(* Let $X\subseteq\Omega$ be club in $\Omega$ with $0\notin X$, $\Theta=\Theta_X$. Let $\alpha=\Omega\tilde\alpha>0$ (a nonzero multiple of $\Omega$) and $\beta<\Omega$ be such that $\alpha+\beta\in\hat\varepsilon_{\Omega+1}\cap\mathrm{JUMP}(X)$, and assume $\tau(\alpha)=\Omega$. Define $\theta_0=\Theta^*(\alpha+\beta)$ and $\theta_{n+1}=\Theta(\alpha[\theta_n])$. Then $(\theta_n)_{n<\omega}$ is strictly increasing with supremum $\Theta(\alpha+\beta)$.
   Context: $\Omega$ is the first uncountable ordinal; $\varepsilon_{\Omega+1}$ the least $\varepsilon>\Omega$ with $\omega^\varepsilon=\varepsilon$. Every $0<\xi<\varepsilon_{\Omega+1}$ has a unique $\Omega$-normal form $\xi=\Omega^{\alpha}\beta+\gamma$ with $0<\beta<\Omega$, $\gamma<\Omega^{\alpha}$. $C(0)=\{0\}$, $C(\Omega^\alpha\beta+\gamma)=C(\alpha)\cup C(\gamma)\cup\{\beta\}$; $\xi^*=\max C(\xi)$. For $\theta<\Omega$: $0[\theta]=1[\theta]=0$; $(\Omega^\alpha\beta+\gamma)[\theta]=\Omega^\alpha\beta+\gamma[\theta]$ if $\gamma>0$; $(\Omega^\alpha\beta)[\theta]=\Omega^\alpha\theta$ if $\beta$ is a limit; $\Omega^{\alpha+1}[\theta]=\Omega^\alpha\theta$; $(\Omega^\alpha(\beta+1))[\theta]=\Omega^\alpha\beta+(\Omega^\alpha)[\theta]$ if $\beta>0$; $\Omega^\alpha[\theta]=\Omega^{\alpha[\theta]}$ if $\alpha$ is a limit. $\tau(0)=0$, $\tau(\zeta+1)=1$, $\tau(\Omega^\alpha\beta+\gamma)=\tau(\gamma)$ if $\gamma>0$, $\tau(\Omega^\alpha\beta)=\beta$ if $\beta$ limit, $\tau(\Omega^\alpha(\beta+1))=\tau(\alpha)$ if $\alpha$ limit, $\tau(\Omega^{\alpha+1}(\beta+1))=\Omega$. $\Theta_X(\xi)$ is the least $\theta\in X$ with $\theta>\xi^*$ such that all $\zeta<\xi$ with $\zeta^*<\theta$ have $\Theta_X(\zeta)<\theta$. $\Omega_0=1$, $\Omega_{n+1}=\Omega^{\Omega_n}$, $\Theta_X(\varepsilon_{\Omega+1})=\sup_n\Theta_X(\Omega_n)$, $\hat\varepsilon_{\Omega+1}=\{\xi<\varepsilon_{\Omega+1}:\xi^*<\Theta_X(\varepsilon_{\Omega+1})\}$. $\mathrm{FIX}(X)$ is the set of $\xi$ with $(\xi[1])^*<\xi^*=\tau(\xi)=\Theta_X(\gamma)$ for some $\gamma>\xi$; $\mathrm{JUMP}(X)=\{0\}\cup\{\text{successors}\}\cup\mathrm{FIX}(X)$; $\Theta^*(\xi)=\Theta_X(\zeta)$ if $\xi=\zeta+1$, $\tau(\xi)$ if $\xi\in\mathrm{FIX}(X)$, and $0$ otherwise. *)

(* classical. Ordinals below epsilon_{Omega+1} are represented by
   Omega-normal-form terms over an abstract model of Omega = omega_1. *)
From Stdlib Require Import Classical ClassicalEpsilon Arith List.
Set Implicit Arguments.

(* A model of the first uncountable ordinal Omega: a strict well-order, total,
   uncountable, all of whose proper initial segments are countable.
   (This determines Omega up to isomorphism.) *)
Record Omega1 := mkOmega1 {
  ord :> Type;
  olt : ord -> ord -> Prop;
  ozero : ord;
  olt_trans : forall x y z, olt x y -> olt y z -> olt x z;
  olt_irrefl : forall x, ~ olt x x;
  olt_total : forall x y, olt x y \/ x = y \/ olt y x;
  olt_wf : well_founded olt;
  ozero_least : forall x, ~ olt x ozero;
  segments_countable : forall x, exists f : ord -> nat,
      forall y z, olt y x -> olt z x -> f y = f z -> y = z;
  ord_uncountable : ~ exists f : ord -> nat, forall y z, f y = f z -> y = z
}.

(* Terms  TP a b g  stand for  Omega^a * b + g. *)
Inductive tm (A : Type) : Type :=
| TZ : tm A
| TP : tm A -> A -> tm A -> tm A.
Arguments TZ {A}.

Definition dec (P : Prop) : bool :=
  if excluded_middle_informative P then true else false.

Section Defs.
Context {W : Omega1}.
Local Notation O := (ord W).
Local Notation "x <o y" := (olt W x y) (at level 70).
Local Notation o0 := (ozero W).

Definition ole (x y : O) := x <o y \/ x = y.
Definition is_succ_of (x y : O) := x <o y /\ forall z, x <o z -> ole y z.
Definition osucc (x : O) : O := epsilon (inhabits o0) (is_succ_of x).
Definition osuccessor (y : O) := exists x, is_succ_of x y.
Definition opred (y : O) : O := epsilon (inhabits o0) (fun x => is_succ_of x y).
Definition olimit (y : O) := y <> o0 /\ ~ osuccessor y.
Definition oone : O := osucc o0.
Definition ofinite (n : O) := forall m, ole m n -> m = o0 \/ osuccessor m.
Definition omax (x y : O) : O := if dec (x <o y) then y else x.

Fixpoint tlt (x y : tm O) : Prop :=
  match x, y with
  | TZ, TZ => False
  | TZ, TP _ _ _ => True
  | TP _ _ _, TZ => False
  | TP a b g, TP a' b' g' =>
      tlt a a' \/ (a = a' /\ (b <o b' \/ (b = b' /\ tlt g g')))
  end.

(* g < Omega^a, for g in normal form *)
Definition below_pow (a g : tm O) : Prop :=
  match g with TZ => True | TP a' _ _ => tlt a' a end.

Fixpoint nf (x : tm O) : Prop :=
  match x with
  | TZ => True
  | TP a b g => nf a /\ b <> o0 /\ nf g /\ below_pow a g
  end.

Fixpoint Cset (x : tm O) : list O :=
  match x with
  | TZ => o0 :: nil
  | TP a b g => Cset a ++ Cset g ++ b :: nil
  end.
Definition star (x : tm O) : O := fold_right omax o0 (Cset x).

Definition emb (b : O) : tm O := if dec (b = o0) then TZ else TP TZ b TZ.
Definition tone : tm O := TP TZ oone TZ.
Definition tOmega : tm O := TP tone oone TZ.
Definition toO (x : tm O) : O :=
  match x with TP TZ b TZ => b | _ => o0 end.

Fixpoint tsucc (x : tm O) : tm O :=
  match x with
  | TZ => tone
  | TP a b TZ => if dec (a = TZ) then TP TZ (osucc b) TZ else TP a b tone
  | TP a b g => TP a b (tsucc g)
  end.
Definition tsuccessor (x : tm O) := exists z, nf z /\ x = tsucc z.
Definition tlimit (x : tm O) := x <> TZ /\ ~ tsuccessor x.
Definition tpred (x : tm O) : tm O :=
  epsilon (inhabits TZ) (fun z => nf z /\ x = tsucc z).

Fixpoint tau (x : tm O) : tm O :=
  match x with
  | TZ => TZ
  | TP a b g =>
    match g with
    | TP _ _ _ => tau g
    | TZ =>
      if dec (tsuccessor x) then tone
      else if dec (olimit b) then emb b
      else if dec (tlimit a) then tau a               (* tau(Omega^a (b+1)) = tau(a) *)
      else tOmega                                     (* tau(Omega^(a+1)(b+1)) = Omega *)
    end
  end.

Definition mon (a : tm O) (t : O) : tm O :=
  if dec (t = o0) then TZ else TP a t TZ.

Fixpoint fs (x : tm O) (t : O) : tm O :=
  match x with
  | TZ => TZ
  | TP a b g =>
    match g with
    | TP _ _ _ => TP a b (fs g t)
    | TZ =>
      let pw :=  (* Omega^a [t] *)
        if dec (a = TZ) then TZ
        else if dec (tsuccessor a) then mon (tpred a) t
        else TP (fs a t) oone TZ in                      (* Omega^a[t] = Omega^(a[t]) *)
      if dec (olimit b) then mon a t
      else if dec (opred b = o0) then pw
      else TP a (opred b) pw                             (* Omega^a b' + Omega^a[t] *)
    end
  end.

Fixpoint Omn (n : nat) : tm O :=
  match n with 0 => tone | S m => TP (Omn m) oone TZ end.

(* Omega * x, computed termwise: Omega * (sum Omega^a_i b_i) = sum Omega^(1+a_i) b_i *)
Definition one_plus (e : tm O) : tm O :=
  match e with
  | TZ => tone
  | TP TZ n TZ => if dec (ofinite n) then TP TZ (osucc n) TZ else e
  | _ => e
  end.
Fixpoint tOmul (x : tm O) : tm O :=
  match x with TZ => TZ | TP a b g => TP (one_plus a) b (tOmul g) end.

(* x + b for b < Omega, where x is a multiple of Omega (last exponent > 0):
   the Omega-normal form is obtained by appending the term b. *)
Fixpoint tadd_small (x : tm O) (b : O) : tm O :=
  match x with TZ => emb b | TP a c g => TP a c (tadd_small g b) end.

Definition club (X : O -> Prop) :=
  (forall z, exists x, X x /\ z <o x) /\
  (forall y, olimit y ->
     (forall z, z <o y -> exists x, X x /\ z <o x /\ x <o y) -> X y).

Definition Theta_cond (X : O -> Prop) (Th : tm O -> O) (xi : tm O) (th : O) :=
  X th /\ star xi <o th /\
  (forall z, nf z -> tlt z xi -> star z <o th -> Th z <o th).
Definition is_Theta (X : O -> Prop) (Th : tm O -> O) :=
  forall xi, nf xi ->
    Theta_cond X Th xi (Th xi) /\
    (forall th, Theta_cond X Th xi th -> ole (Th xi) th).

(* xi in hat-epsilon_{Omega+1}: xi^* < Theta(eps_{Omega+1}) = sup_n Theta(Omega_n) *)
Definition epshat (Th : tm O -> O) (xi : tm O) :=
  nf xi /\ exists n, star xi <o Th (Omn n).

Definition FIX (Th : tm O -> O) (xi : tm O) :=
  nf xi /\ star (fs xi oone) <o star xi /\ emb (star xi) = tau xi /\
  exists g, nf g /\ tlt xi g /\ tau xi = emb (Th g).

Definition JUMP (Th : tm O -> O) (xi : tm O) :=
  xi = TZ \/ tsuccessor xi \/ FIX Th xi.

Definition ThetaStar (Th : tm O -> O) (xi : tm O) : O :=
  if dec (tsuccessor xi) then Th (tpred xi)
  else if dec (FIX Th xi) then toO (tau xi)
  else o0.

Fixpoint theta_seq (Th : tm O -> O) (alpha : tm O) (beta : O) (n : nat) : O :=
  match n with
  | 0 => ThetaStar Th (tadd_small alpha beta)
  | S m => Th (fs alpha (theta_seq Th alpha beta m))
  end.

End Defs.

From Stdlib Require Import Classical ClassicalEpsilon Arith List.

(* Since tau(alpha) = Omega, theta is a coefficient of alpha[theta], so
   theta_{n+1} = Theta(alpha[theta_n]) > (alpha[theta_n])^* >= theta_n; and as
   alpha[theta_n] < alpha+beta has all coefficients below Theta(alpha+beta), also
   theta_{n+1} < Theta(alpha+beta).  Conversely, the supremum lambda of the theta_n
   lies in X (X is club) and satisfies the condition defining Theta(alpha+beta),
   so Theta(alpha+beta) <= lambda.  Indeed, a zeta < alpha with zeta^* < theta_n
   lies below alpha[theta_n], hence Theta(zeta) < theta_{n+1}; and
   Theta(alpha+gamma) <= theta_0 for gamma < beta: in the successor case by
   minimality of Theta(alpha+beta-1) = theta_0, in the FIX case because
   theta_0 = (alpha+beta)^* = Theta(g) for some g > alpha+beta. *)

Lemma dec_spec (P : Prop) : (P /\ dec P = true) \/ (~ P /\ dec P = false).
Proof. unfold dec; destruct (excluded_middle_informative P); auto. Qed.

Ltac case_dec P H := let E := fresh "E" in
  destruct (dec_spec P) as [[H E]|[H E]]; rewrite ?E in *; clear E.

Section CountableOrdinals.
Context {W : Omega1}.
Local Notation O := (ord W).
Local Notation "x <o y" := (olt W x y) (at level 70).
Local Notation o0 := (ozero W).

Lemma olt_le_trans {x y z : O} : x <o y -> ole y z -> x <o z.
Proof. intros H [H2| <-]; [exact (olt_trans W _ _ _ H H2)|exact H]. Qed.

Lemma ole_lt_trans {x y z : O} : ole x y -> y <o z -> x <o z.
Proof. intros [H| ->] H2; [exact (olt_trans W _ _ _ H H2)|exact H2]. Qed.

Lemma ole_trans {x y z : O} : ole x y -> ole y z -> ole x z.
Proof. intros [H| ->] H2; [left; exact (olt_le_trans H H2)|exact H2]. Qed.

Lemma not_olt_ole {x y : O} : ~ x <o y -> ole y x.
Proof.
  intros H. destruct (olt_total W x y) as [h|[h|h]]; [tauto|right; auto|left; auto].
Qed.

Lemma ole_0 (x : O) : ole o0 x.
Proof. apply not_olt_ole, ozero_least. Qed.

======

# [ASSIGNED TASK]
Above this instruction are the records; retype exactly the lines from the one containing "the Omega-normal form" up to and including the one containing "X th /\ star xi <o th /\".

# [SOLUTION TO THIS EXERCISE]
   the Omega-normal form is obtained by appending the term b. *)
Fixpoint tadd_small (x : tm O) (b : O) : tm O :=
  match x with TZ => emb b | TP a c g => TP a c (tadd_small g b) end.

Definition club (X : O -> Prop) :=
  (forall z, exists x, X x /\ z <o x) /\
  (forall y, olimit y ->
     (forall z, z <o y -> exists x, X x /\ z <o x /\ x <o y) -> X y).

Definition Theta_cond (X : O -> Prop) (Th : tm O -> O) (xi : tm O) (th : O) :=
  X th /\ star xi <o th /\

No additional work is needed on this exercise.